Но вот альтиметр показывает тысячу двести метров. Из кабины летчиков выходит штурман, коротко говорит:
– Над целью!
Николай Николаевич отодвигает дверь фюзеляжа:
– Встать! Взяли кольцо в руку! Внимательнее... Первый – пошел!
Последнее, что мы увидим в самолете, – то, как посмотрел Вова Студер на Маэстро. Но это же увидел и Тяпа...
АЭРОДРОМ НКВД
Полковник Вишневецкий, второй инструктор, укладчики и еще несколько человек смотрят...
...как от самолета отделяется первая фигурка... вторая...
– Три... – считает Вишневецкий. – Четыре... Пять... Что это?!!
Он растерянно оглядывается, кричит:
– Что это?!! Что такое?!!
Уже раскрылись все парашюты, но одна фигурка продолжает падать камнем вниз, так и не открыв спасительный купол!..
...А затем раздается глухой удар о землю, и Вишневецкий обхватывает голову руками...
Стоят вокруг искореженного тела Маэстро пацаны, взрослые энкаведешники, укладчики, наземные службы...
– Кто укладчик?! – кричит Николай Николаевич. – Кто парашют укладывал?!!
– Я укладывал, – говорит пожилой старшина. – У него трос оторван. Смотрите...
И тут все видят, что в правой руке у мертвого Маэстро зажато вытяжное кольцо с обрывком троса.
– «Скорую» бы надо вызвать, – говорит кто-то из обслуги.
– Какую «скорую»?.. Кому «скорую»? – глухо спрашивает Вишневецкий.
Николай Николаевич становится на колени у тела Маэстро, осторожно переворачивает его на живот, освобождая нераскрывшийся парашют. Он отстегивает клапан парашютного ранца, и все видят...
...что стальные запорные шпильки загнуты намертво крючками в «люверсах»!..

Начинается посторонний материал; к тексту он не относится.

(* Let $n=3N^3$ for an integer $N\ge1$, let $\mathcal{A}\in\mathbb{C}^{n\times n}$, $\mathcal{B}\in\mathbb{C}^{N^3\times n}$, let $M_0\in\mathbb{R}^{n\times n}$ be diagonal with positive diagonal entries, and let $\gamma>0$. Assume $\mathcal{B}\mathcal{A}=0$, and let $\mathcal{H}:=\ker\mathcal{A}'\cap\ker\mathcal{B}$; assume $\dim\mathcal{H}$ is either $0$ or bounded independently of $N$. Let the eigenvalues of the Hermitian positive semidefinite matrix $\mathcal{A}M_0\mathcal{A}'$ be $N_0^{\mathcal{A}}$ zeros followed by the positive eigenvalues $\lambda^{\mathcal{A}}_1\le\cdots\le\lambda^{\mathcal{A}}_{N_1^{\mathcal{A}}}$, and let the eigenvalues of $\mathcal{B}'\mathcal{B}$ be $N_0^{\mathcal{B}}$ zeros followed by the positive eigenvalues $\lambda^{\mathcal{B}}_1\le\cdots\le\lambda^{\mathcal{B}}_{N_1^{\mathcal{B}}}$ (all counted with multiplicity). Then the eigenvalues of $\mathcal{A}M_0\mathcal{A}'+\gamma\mathcal{B}'\mathcal{B}$, listed in nondecreasing order, are $$\underbrace{0,\dots,0}_{\dim\mathcal{H}\text{ zeros}}<\lambda_1\le\lambda_2\le\cdots\le\lambda_m\le\cdots,$$ and $$\{\lambda_1,\dots,\lambda_m,\dots\}=\{\lambda^{\mathcal{A}}_1,\dots,\lambda^{\mathcal{A}}_{N_1^{\mathcal{A}}}\}\cup\{\gamma\lambda^{\mathcal{B}}_1,\dots,\gamma\lambda^{\mathcal{B}}_{N_1^{\mathcal{B}}}\}.$$
   Context: For a complex matrix $X$, $X'$ denotes its conjugate transpose; $\ker X$ is its null space. *)

From HB Require Import structures.
From mathcomp Require Import all_boot all_order all_algebra.
Set Implicit Arguments. Unset Strict Implicit. Unset Printing Implicit Defensive.
Import Order.TTheory GRing.Theory Num.Theory.
Local Open Scope ring_scope.

Definition ctmx (C : numClosedFieldType) m n (X : 'M[C]_(m, n)) : 'M[C]_(n, m) :=
  (map_mx Num.conj X)^T.

(* The null space ker X = { x : 'cV_n | X *m x = 0 }, represented (as is
   customary in mxalgebra) as the row space of a matrix of row vectors:
   x^T *m X^T = 0. *)
Definition kerC (C : numClosedFieldType) m n (X : 'M[C]_(m, n)) : 'M[C]_n :=
  kermx X^T.

(* Multiset of eigenvalues of a square matrix given as: k zeros followed by
   the sorted positive values s (with multiplicity), via the characteristic
   polynomial. *)
Definition eig_zeros_then (C : numClosedFieldType) n (X : 'M[C]_n)
    (k : nat) (s : seq C) : Prop :=
  [/\ char_poly X = 'X^k * \prod_(x <- s) ('X - x%:P),
      all (fun x => 0 < x) s & sorted <=%R s].

(* With P = A D A' and Q = B'B, the hypothesis BA = 0 gives P Q = 0, hence
   (x - P)(x - gamma Q) = x (x - (P + gamma Q)) and
   char(P) char(gamma Q) = x^n char(P + gamma Q): away from 0, the spectrum of
   P + gamma Q is the union of the spectra of P and gamma Q.  Since P + gamma Q
   is Hermitian it is diagonalizable, so 0 is a root of its characteristic
   polynomial of multiplicity dim ker(P + gamma Q); and
   x'(P + gamma Q)x = |D^(1/2) A'x|^2 + gamma |Bx|^2 shows that
   ker(P + gamma Q) = ker A' :&: ker B. *)

From HB Require Import structures.
From mathcomp Require Import all_boot all_order all_algebra.
Import Order.TTheory GRing.Theory Num.Theory.
Local Open Scope ring_scope.
Set Implicit Arguments. Unset Strict Implicit. Unset Printing Implicit Defensive.

Section ConjTranspose.
Variable C : numClosedFieldType.

Lemma ctmxK m n (X : 'M[C]_(m, n)) : ctmx (ctmx X) = X.
Proof. by apply/matrixP => i j; rewrite !mxE conjCK. Qed.

Lemma ctmxM m n p (X : 'M[C]_(m, n)) (Y : 'M[C]_(n, p)) :
  ctmx (X *m Y) = ctmx Y *m ctmx X.
Proof. by rewrite /ctmx map_mxM trmx_mul. Qed.

Lemma ctmxD m n (X Y : 'M[C]_(m, n)) : ctmx (X + Y) = ctmx X + ctmx Y.
Proof. by apply/matrixP => i j; rewrite !mxE rmorphD. Qed.

Lemma ctmxZ m n a (X : 'M[C]_(m, n)) : ctmx (a *: X) = Num.conj a *: ctmx X.
Proof. by apply/matrixP => i j; rewrite !mxE rmorphM. Qed.

Lemma ctmx_diag_real n (d : 'rV[C]_n) :
  (forall i, d 0 i \is Num.real) -> ctmx (diag_mx d) = diag_mx d.
Proof.
move=> dR; apply/matrixP => i j; rewrite !mxE.
by case: eqVneq => [->|_]; rewrite ?mulr1n ?mulr0n ?conjC0 ?conj_Creal.
Qed.

Lemma ctmx_normalmx n (X : 'M[C]_n) : ctmx X = X -> X \is normalmx.
Proof. by move=> hX; apply/normalmxP; rewrite -map_trmx -/(ctmx X) hX. Qed.

Lemma sub_kerC k m n (W : 'M[C]_(k, n)) (X : 'M[C]_(m, n)) :
  (W <= kerC X)%MS = (X *m W^T == 0).
Proof. by rewrite sub_kermx -[W in LHS]trmxK -trmx_mul trmx_eq0. Qed.

End ConjTranspose.

Section WeightedGram.
Variables (C : numClosedFieldType) (p k : nat) (e : 'rV[C]_p).
Hypothesis e_gt0 : forall i, 0 < e 0 i.

Let term_ge0 (Y : 'M[C]_(p, k)) i j : 0 <= e 0 i * `|Y i j| ^+ 2.
Proof. by rewrite mulr_ge0 ?exprn_ge0 // ltW. Qed.

Lemma mxtrace_weighted_gram (Y : 'M[C]_(p, k)) :
  \tr (ctmx Y *m diag_mx e *m Y) = \sum_j \sum_i e 0 i * `|Y i j| ^+ 2.
Proof.
rewrite /mxtrace; apply: eq_bigr => j _; rewrite mxE; apply: eq_bigr => i _.
by rewrite mul_mx_diag !mxE normCK mulrAC mulrC [_^* * _]mulrC.
Qed.

Lemma mxtrace_weighted_gram_ge0 (Y : 'M[C]_(p, k)) :
  0 <= \tr (ctmx Y *m diag_mx e *m Y).
Proof.
by rewrite mxtrace_weighted_gram; do 2!apply: sumr_ge0 => ? _; apply: term_ge0.
Qed.

Lemma mxtrace_weighted_gram_eq0 (Y : 'M[C]_(p, k)) :
  \tr (ctmx Y *m diag_mx e *m Y) = 0 -> Y = 0.
Proof.
rewrite mxtrace_weighted_gram => tr0; apply/matrixP => i j; rewrite mxE.
have col0 : \sum_i e 0 i * `|Y i j| ^+ 2 = 0.
  by apply: (psumr_eq0P _ tr0) => // j' _; apply: sumr_ge0 => ? _; apply: term_ge0.
have /eqP := psumr_eq0P (fun i _ => term_ge0 Y i j) col0 (i := i) isT.
by rewrite mulf_eq0 gt_eqF //= expf_eq0 normr_eq0 => /eqP.
Qed.

End WeightedGram.

Lemma char_poly_add_mul0 (R : comNzRingType) n (P Q : 'M[R]_n) : P *m Q = 0 ->
  char_poly P * char_poly Q = 'X^n * char_poly (P + Q).
Proof.
move=> PQ0; rewrite /char_poly -det_mulmx -detZ; congr (\det _).
rewrite /char_poly_mx mulmxBl !mulmxBr -map_mxM PQ0 map_mx0 subr0 !mul_scalar_mx.
by rewrite mul_mx_scalar map_mxD scalerBr scalerDr opprD addrA addrAC.
Qed.

Lemma char_poly_conjmx (F : fieldType) n (P X : 'M[F]_n) : P \in unitmx ->
  char_poly (conjmx P X) = char_poly X.
Proof.
move=> Pu; rewrite conjumx // /char_poly.
have -> : char_poly_mx (P *m X *m invmx P) =
    map_mx polyC P *m char_poly_mx X *m map_mx polyC (invmx P).
  rewrite /char_poly_mx mulmxBr mulmxBl !map_mxM; congr (_ - _).
  by rewrite -mulmxA -scalar_mxC mulmxA -map_mxM mulmxV // map_mx1 mul1mx.
rewrite !det_mulmx !det_map_mx mulrC mulrA -rmorphM -det_mulmx.
by rewrite mulVmx // det1 rmorph1 mul1r.
Qed.

Lemma mxrank_conjmx (F : fieldType) n (U X : 'M[F]_n) : U \in unitmx ->
  \rank (conjmx U X) = \rank X.
Proof.
move=> Uu; rewrite conjumx // mxrankMfree ?row_free_unit ?unitmx_inv //.
by rewrite eqmxMfull ?row_full_unit.
Qed.

Lemma char_poly_diag (R : comNzRingType) n (s : 'rV[R]_n) :
  char_poly (diag_mx s) = \prod_i ('X - (s 0 i)%:P).
Proof.
rewrite char_poly_trig ?diag_mx_is_trig //.
by apply: eq_bigr => i _; rewrite mxE eqxx mulr1n.
Qed.

Lemma mxrank_diag (F : fieldType) n (s : 'rV[F]_n) :
  \rank (diag_mx s) = #|[pred i | s 0 i != 0]|.
Proof.
elim: n s => [|n IHn] s; first by rewrite thinmx0 mxrank0; apply/esym/eq_card0 => -[].
move: s; rewrite -[n.+1]/(1 + n)%N => s.
rewrite -[s]hsubmxK diag_mx_row rank_diag_block_mx IHn.
rewrite -!sum1_card big_split_ord /=; congr (_ + _)%N; last first.
  by apply: eq_bigl => i; rewrite !inE row_mxEr.
rewrite big_mkcond big_ord1 inE row_mxEl rank_rV.
have -> : (diag_mx (lsubmx s) == 0) = (lsubmx s 0 0 == 0).
  apply/eqP/eqP => [/matrixP/(_ 0 0)|s0]; first by rewrite !mxE eqxx mulr1n.
  by apply/matrixP => i j; rewrite !ord1 [diag_mx _ 0 0]mxE eqxx mulr1n s0 mxE.
by case: eqP.
Qed.

Lemma prod_diag_split (F : fieldType) n (s : 'rV[F]_n) :
  \prod_i ('X - (s 0 i)%:P) =
    'X^(n - \rank (diag_mx s)) * \prod_(i | s 0 i != 0) ('X - (s 0 i)%:P).
Proof.
rewrite (bigID (fun i => s 0 i == 0)) /=; congr (_ * _).
rewrite (eq_bigr (fun=> 'X)) => [|i /eqP->]; last by rewrite subr0.
have := cardC [pred i | s 0 i != 0]; rewrite card_ord => nE.
rewrite prodr_const mxrank_diag -[X in (X - _)%N]nE addKn; congr ('X ^+ _).
by apply: eq_card => i; rewrite !inE negbK.
Qed.

Lemma char_poly_normal (C : numClosedFieldType) n (X : 'M[C]_n) : X \is normalmx ->
  exists2 q : {poly C}, char_poly X = 'X^(n - \rank X) * q & q.[0] != 0.
Proof.
move=> /orthomx_spectralP; set U := spectralmx X; set s := spectral_diag X.
have Uu : U \in unitmx := spectral_unit X.
rewrite -conjVmx // => EX; exists (\prod_(i | s 0 i != 0) ('X - (s 0 i)%:P)).
  rewrite EX char_poly_conjmx ?mxrank_conjmx ?unitmx_inv //.
  by rewrite char_poly_diag prod_diag_split.
rewrite horner_prod; apply/prodf_neq0 => i s_neq0.
by rewrite hornerXsubC sub0r oppr_eq0.
Qed.

(* Schur triangularization: the diagonal of a triangular conjugate of X lists
   the roots of char_poly X, and scaling keeps it triangular. *)
Lemma char_poly_scale (C : numClosedFieldType) n (X : 'M[C]_n) (a : C) (r : seq C) :
  char_poly X = \prod_(x <- r) ('X - x%:P) ->
  char_poly (a *: X) = \prod_(x <- r) ('X - (a * x)%:P).
Proof.
have [|P /unitarymx_unit Pu /allP/(_ X (mem_head _ _)) /= trigX] :=
  @cotrigonalization _ _ [:: X]; first by move=> ? ? /[!inE] /eqP-> /eqP->.
set T := conjmx P X in trigX.
have trig_aT : is_trig_mx (a *: T).
  move/is_trig_mxP: trigX => T0.
  by apply/is_trig_mxP => i j /T0 Tij; rewrite mxE Tij mulr0.
have charT : char_poly T = \prod_(x <- [seq T i i | i <- index_enum 'I_n]) ('X - x%:P).
  by rewrite char_poly_trig // big_map.
rewrite -(char_poly_conjmx _ Pu) -/T charT => /prod_XsubC_eq permT.
rewrite -(char_poly_conjmx _ Pu) /conjmx -scalemxAr -scalemxAl -/(conjmx P X) -/T.
rewrite char_poly_trig // -(big_map (fun x => a * x) predT (fun x => 'X - x%:P)).
rewrite -(perm_big _ (perm_map (fun x => a * x) permT)) /= -map_comp big_map.
by apply: eq_bigr => i _; rewrite mxE.
Qed.

Lemma mulXn_cancel (R : idomainType) i j (p q : {poly R}) :
  p.[0] != 0 -> q.[0] != 0 -> 'X^i * p = 'X^j * q -> p = q.
Proof.
wlog le_ij : i j p q / (i <= j)%N => [hwlog|].
  case: (leqP i j) => [|/ltnW] le; first exact: hwlog.
  by move=> p0 q0 E; apply/esym/(hwlog j i).
move=> p0 q0; rewrite -(subnKC le_ij) exprD -mulrA.
move/(mulfI (monic_neq0 (monicXn _ _))) => pE; move: p0; rewrite pE.
case: (j - i)%N => [|k]; first by rewrite expr0 mul1r.
by rewrite hornerM hornerXn expr0n mul0r eqxx.
Qed.

Lemma prod_XsubC_horner0_neq0 (R : numDomainType) (s : seq R) :
  all (fun x => 0 < x) s -> (\prod_(x <- s) ('X - x%:P)).[0] != 0.
Proof.
move=> /allP s_gt0; rewrite horner_prod prodf_seq_neq0.
by apply/allP => x /s_gt0 x_gt0; rewrite hornerXsubC sub0r oppr_eq0 gt_eqF.
Qed.

Section EigZerosThen.
Variable C : numClosedFieldType.

Lemma eig_zeros_then_sort n (X : 'M[C]_n) k (s : seq C) :
  char_poly X = 'X^k * \prod_(x <- s) ('X - x%:P) -> all (fun x => 0 < x) s ->
  eig_zeros_then X k (sort <=%R s).
Proof.
move=> chX s_gt0; split; last 2 first.
- by rewrite all_sort.
- apply: (sort_sorted_in (P := [pred x | 0 < x])) => // x y.
  by move=> /gtr0_real xR /gtr0_real yR; apply: real_leVge.
by rewrite chX (perm_big _ (permEl (perm_sort _ _))).
Qed.

Lemma eig_zeros_then_scale n (X : 'M[C]_n) k (s : seq C) (a : C) :
  0 < a -> eig_zeros_then X k s ->
  eig_zeros_then (a *: X) k (map (fun x => a * x) s).
Proof.
move=> a_gt0 [chX s_gt0 s_sorted]; split.
- rewrite (@char_poly_scale _ _ X a (nseq k 0 ++ s)) big_cat big_nseq; last first.
    by rewrite subr0 iter_mulr_1.
  by rewrite [a * _]mulr0 subr0 iter_mulr_1 big_map.
- by rewrite all_map; apply/allP => x /(allP s_gt0) x_gt0 /=; rewrite mulr_gt0.
- by apply: homo_sorted s_sorted => x y; rewrite ler_pM2l.
Qed.

End EigZerosThen.

Section GramSum.
Variables (C : numClosedFieldType) (n m p : nat).
Variables (A : 'M[C]_(n, p)) (B : 'M[C]_(m, n)) (d : 'rV[C]_p) (g : C).
Hypotheses (d_gt0 : forall i, 0 < d 0 i) (g_gt0 : 0 < g) (BA0 : B *m A = 0).

Let P := A *m diag_mx d *m ctmx A.
Let Q := ctmx B *m B.

Lemma ctmx_gram_sum : ctmx (P + g *: Q) = P + g *: Q.
Proof.
have dR i : d 0 i \is Num.real by rewrite gtr0_real.
rewrite ctmxD ctmxZ conj_Creal ?gtr0_real // /P /Q !ctmxM !ctmxK.
by rewrite ctmx_diag_real // mulmxA.
Qed.

Lemma gram_mul0 : P *m (g *: Q) = 0.
Proof.
have AB0 : ctmx A *m ctmx B = 0.
  by rewrite -ctmxM BA0; apply/matrixP => i j; rewrite !mxE conjC0.
by rewrite /P /Q -scalemxAr mulmxA -(mulmxA _ (ctmx A)) AB0 mulmx0 mul0mx scaler0.
Qed.

Lemma kerC_gram_sum : (kerC (ctmx A) :&: kerC B == kerC (P + g *: Q))%MS.
Proof.
set M := _ + _; apply/andP; split.
  set W := (_ :&: _)%MS.
  have /eqP AW : ctmx A *m W^T == 0 by rewrite -sub_kerC capmxSl.
  have /eqP BW : B *m W^T == 0 by rewrite -sub_kerC capmxSr.
  by rewrite sub_kerC mulmxDl -scalemxAl -!mulmxA AW BW !mulmx0 scaler0 addr0.
set X := (kerC M)^T.
have /eqP MX : M *m X == 0 by rewrite -sub_kerC submx_refl.
set Y := ctmx A *m X; set Z := B *m X.
have one_gt0 (j : 'I_m) : 0 < (const_mx 1 : 'rV[C]_m) 0 j by rewrite mxE ltr01.
have trE : \tr (ctmx X *m M *m X) =
    \tr (ctmx Y *m diag_mx d *m Y) + g * \tr (ctmx Z *m diag_mx (const_mx 1) *m Z).
  rewrite -mxtraceZ -mxtraceD diag_const_mx mulmx1 !ctmxM ctmxK.
  by rewrite mulmxDr mulmxDl -scalemxAr -scalemxAl !mulmxA.
move: trE; rewrite -mulmxA MX mulmx0 mxtrace0 => /esym/eqP.
rewrite paddr_eq0 ?mulr_ge0 ?(ltW g_gt0) ?mxtrace_weighted_gram_ge0 //.
rewrite mulf_eq0 (gt_eqF g_gt0) /= => /andP[/eqP trY /eqP trZ].
rewrite sub_capmx !sub_kerC; apply/andP; split; apply/eqP.
  exact: mxtrace_weighted_gram_eq0 d_gt0 _ trY.
exact: mxtrace_weighted_gram_eq0 one_gt0 _ trZ.
Qed.

Lemma eig_zeros_then_gram_sum N0A lamA N0B lamB :
  eig_zeros_then P N0A lamA -> eig_zeros_then Q N0B lamB ->
  eig_zeros_then (P + g *: Q) (\rank (kerC (ctmx A) :&: kerC B)%MS)
    (sort <=%R (lamA ++ map (fun x => g * x) lamB)).
Proof.
move=> [chP lamA_gt0 _] /(eig_zeros_then_scale g_gt0) [chgQ lamgB_gt0 _].
have [q chM q0] := char_poly_normal (ctmx_normalmx ctmx_gram_sum).
rewrite (eqmx_rank kerC_gram_sum) mxrank_ker mxrank_tr.
apply: eig_zeros_then_sort; last by rewrite all_cat lamA_gt0.
rewrite chM big_cat /=; congr (_ * _); apply/esym.
have := char_poly_add_mul0 gram_mul0; rewrite chP chgQ chM.
rewrite mulrACA ['X^n * _]mulrA -[_ * 'X^N0B]exprD -['X^n * _]exprD.
by apply: mulXn_cancel; rewrite // hornerM mulf_neq0 ?prod_XsubC_horner0_neq0.
Qed.

End GramSum.

Theorem proposition3p2 (C : numClosedFieldType) (N : nat) (hN : (1 <= N)%N)
    (A : 'M[C]_(3 * N ^ 3)) (B : 'M[C]_(N ^ 3, 3 * N ^ 3))
    (d : 'rV[C]_(3 * N ^ 3)) (gamma : C)
    (hd : forall i, 0 < d 0 i) (hgamma : 0 < gamma)
    (hBA : B *m A = 0)
    (N0A : nat) (lamA : seq C) (N0B : nat) (lamB : seq C)
    (hA : eig_zeros_then (A *m diag_mx d *m ctmx A) N0A lamA)
    (hB : eig_zeros_then (ctmx B *m B) N0B lamB) :
  let dimH := \rank (kerC (ctmx A) :&: kerC B)%MS in
  exists lam : seq C,
    eig_zeros_then (A *m diag_mx d *m ctmx A + gamma *: (ctmx B *m B)) dimH lam
    /\ perm_eq lam (lamA ++ map (fun x => gamma * x) lamB).
Proof.
exists (sort <=%R (lamA ++ map (fun x => gamma * x) lamB)); split.
  exact: (eig_zeros_then_gram_sum hd hgamma hBA hA hB).
by rewrite perm_sort.
Qed.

– Вон оно что... – говорит старый укладчик. – Это кто же так хорошо сообразил?
Николай Николаевич поворачивается к стоящим вокруг и оглядывает каждого...

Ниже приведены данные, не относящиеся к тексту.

Theorem mainTheorem5 (R : realFieldType) (n : nat) (E : rel 'I_n)
    (W : 'M[R]_n) (r alpha : 'I_n -> R) :
  contractor_network E W r alpha ->
  (forall t : nat, (2 <= t)%N ->
     let AW := Amx alpha *m W in
     let q := mnorm (AW *m AW) in
     vnorm (mseq W r alpha t - mlim W r alpha)
       <= (1 + 2 / (1 - q)) * vnorm (rvec r) * q ^+ (t./2)) /\
  (acyclic E -> forall d : nat, max_path_length E d -> (0 < d)%N ->
     forall t : nat, (d <= t)%N -> forall i : 'I_n,
       mseq W r alpha t i 0 = mlim W r alpha i 0).
Proof.
move=> net; split=> [t _ | _ d [_ path_le] _ t d_le_t i].
  exact: mseq_sub_mlim_bound net t.
exact: (mseq_eq_mlim net path_le i d_le_t).
Qed.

И вдруг раздается дикий, душераздирающий крик Тяпы:
– Студер, сука!!! Это ты, подлюга позорная!.. Ты шпильки загнул, пидор гнойный!.. Ты его убил, сволочь!!!
Тяпа рвет с груди автомат, но Вишневецкий хватает его в охапку. Тяпа пытается освободиться от его сильных рук, рыдает в голос и страшно орет на весь аэродром:
– Антон, блядь!!! Пусти меня!.. Я ему кишки выпущу!.. Антон, миленький, пусти меня!!! Зарежу падлу, гниду вонючую!!!
Вишневецкий отбрасывает Тяпу на руки Котьке и инструктору рукопашного боя, подходит к Вове Студеру:
– Ты?
– Ну я... – криво ухмыляясь, отвечает Вова Студер.
– Зачем?
– Я еще месяц тому назад его в «буру» проиграл. А для вора карточный долг – сами знаете... Все руки не доходили. Ну и хотелось как-то посмешнее устроить... Ничего получилось, да?
Оружие и амуниция уже были разложены по чехлам. Все рассаживались в кузовке «доджа», а Вишневецкий уже собирался сесть за руль...
Подошел инструктор по рукопашному бою:
– Как дальше, Антон Вячеславович?
– Покойного мальчика осмотрите – нет ли на нем каких-нибудь подтверждений о принадлежности его к нашей школе и... Не везти же его наверх, в горы? Закопайте в районе дальнего поста охраны аэродрома.
– Слушаюсь. А того, который его «проиграл», куда везти?
– Никуда. Там же и закопать.
– Но ведь он еще живой!..
– Ваши проблемы – моя ответственность. Выполняйте! – жестко приказал Вишневецкий. – Мы подождем вас в машине...
Инструктор быстро ушел. Вишневецкий заглянул в кузов «доджа»:
– Курево у кого-нибудь есть?
Кто-то протянул полковнику папиросы «Звездочка».